[Input material Boundary: Start]
(* Let $N\ge 2$ and $\beta\in\{2,4\}$. (Complex case, $\beta=2$.) Let $R=[\rho_{jk}]$ range over $N\times N$ complex correlation matrices (Hermitian positive definite with all diagonal entries equal to $1$), with Cholesky factorisation $R=LL^*$, $L=[l_{jk}]$ lower triangular with $l_{jj}>0$. Parametrise $L$ by angles $\theta_{jp}\in(0,\pi)$, $2\le j\le N$, $1\le p\le 2j-2$, via $$l_{jk}=\left(\cos\theta_{j,2k-1}+i\cos\theta_{j,2k}\sin\theta_{j,2k-1}\right)\prod_{p=1}^{2k-2}\sin\theta_{jp}\ \ (1\le k\le j-1),\qquad l_{jj}=\prod_{p=1}^{2j-2}\sin\theta_{jp},$$ and $l_{11}=1$. Then the absolute value of the Jacobian determinant of the map from the angles $\{\theta_{jp}\}$ to the real coordinates $\{\mathrm{Re}\,\rho_{jk},\mathrm{Im}\,\rho_{jk}\}_{1\le k<j\le N}$ is $$\prod_{j=2}^{N}\prod_{p=1}^{2j-2}\left(\sin\theta_{jp}\right)^{2N-p-1}.$$ (Quaternion case, $\beta=4$.) Let $R$ range over $N\times N$ quaternion correlation matrices: $2N\times 2N$ complex Hermitian positive definite matrices composed of $2\times2$ blocks of the form $\begin{bmatrix}z&w\\-\bar w&\bar z\end{bmatrix}$, with all diagonal blocks equal to the $2\times 2$ identity. Write $R=LL^*$ with $L$ block lower triangular of the same block form, whose diagonal blocks are positive multiples $l_{jj}I_2$ of the identity. For an off-diagonal block $l_{jk}$ with parameters $(z,w)$ write $l_{jk}^{(1)}=\mathrm{Re}\,z$, $l_{jk}^{(2)}=\mathrm{Im}\,z$, $l_{jk}^{(3)}=\mathrm{Re}\,w$, $l_{jk}^{(4)}=\mathrm{Im}\,w$. Parametrise by angles $\theta_{jp}\in(0,\pi)$, $2\le j\le N$, $1\le p\le 4j-4$, via $$l_{jk}^{(s)}=\cos\theta_{j,4(k-1)+s}\left(\prod_{m=1}^{s-1}\sin\theta_{j,4(k-1)+m}\right)\prod_{p=1}^{4(k-1)}\sin\theta_{jp}\ \ (1\le k\le j-1,\ 1\le s\le 4),\qquad l_{jj}=\prod_{p=1}^{4(j-1)}\sin\theta_{jp},$$ and $l_{11}=1$. Then the absolute value of the Jacobian determinant of the map from the angles $\{\theta_{jp}\}$ to the four real coordinates of each block $\rho_{jk}$, $1\le k<j\le N$, of $R$ is $$\prod_{j=2}^{N}\prod_{p=1}^{4j-4}\left(\sin\theta_{jp}\right)^{4N-p-3}.$$
   Context: Empty products equal $1$. $L^*$ denotes the conjugate transpose. The hyperspherical parametrisations above are bijections from the open cube of angles onto the set of possible Cholesky factors of correlation matrices (each row of $L$ being a unit vector of real coordinates with positive last coordinate $l_{jj}$). *)

From HB Require Import structures.
From mathcomp Require Import all_boot all_order all_algebra.
From mathcomp Require Import all_classical all_reals.
From mathcomp Require Import topology normedtype derive trigo.
From mathcomp Require Import complex.

Set Implicit Arguments.
Unset Strict Implicit.
Unset Printing Implicit Defensive.
Import Order.TTheory GRing.Theory Num.Theory numFieldNormedType.Exports.
Local Open Scope ring_scope.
[Input material Boundary: End]
Problem description:
Take the line containing "Unset Printing Implicit Defensive." and each line after it up to the last line of the listing, and print them exactly.

Expected answer:
Unset Printing Implicit Defensive.
Import Order.TTheory GRing.Theory Num.Theory numFieldNormedType.Exports.
Local Open Scope ring_scope.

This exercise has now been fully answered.